● PROBLEM DESCRIPTION
Each line of the listing where "that" appears should be reported.

● STORED DATA
(* Let $k,n,m,\mu$ be positive integers such that $m\ge n-2$, $n\ge4$ if $m=n-2$, and $k\ge\mu(n+m-1)/2$. Let $\mathcal{A}$ be a strict partial path decomposition of $\mu K_n$ of size $k$ in which at most $\mu(m-1)/2$ colour classes are $2$-factors of $\mu K_n$. Then some edge of $\mu K_n$ not in $\mathcal{A}$ can be added to one of the colour classes of $\mathcal{A}$ so that the result $\mathcal{A}'$ is a partial path decomposition of $\mu K_n$ of size $k$ in which at most $\mu(m-1)/2$ colour classes are $2$-factors of $\mu K_n$.
   Context: Graphs may have multiple edges. $\mu K_n$ is the loopless multigraph on $n$ vertices with every pair of distinct vertices joined by exactly $\mu$ edges. A decomposition of size $k$ of a graph $G$ is an ordered $k$-tuple $(G(1),\dots,G(k))$ of spanning subgraphs (colour classes; possibly edgeless) with pairwise disjoint edge sets whose union is $E(G)$. A partial decomposition of $\mu K_n$ is a decomposition of some spanning subgraph of $\mu K_n$; it is strict if that subgraph is a proper subgraph of $\mu K_n$. A partial path decomposition is one in which every colour class is a vertex-disjoint union of paths and cycles (two parallel edges form a cycle of length 2). A $2$-factor of $\mu K_n$ is a $2$-regular spanning subgraph (its cycles may have length 2). *)

From mathcomp Require Import all_boot.
Set Implicit Arguments. Unset Strict Implicit. Unset Printing Implicit Defensive.

(* Edges of mu K_n : an unordered pair {u,v} (u < v) of vertices of 'I_n,
   together with a label in 'I_mu distinguishing the mu parallel edges. *)
Definition edge (n mu : nat) : finType :=
  {x : ('I_n * 'I_n) * 'I_mu | (x.1.1 < x.1.2)%N}.

Definition eu n mu (e : edge n mu) : 'I_n := (val e).1.1.
Definition ev n mu (e : edge n mu) : 'I_n := (val e).1.2.

Definition joins n mu (e : edge n mu) (x y : 'I_n) : bool :=
  ((eu e == x) && (ev e == y)) || ((eu e == y) && (ev e == x)).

● EXERCISE RESULT
(* Let $k,n,m,\mu$ be positive integers such that $m\ge n-2$, $n\ge4$ if $m=n-2$, and $k\ge\mu(n+m-1)/2$. Let $\mathcal{A}$ be a strict partial path decomposition of $\mu K_n$ of size $k$ in which at most $\mu(m-1)/2$ colour classes are $2$-factors of $\mu K_n$. Then some edge of $\mu K_n$ not in $\mathcal{A}$ can be added to one of the colour classes of $\mathcal{A}$ so that the result $\mathcal{A}'$ is a partial path decomposition of $\mu K_n$ of size $k$ in which at most $\mu(m-1)/2$ colour classes are $2$-factors of $\mu K_n$.
   Context: Graphs may have multiple edges. $\mu K_n$ is the loopless multigraph on $n$ vertices with every pair of distinct vertices joined by exactly $\mu$ edges. A decomposition of size $k$ of a graph $G$ is an ordered $k$-tuple $(G(1),\dots,G(k))$ of spanning subgraphs (colour classes; possibly edgeless) with pairwise disjoint edge sets whose union is $E(G)$. A partial decomposition of $\mu K_n$ is a decomposition of some spanning subgraph of $\mu K_n$; it is strict if that subgraph is a proper subgraph of $\mu K_n$. A partial path decomposition is one in which every colour class is a vertex-disjoint union of paths and cycles (two parallel edges form a cycle of length 2). A $2$-factor of $\mu K_n$ is a $2$-regular spanning subgraph (its cycles may have length 2). *)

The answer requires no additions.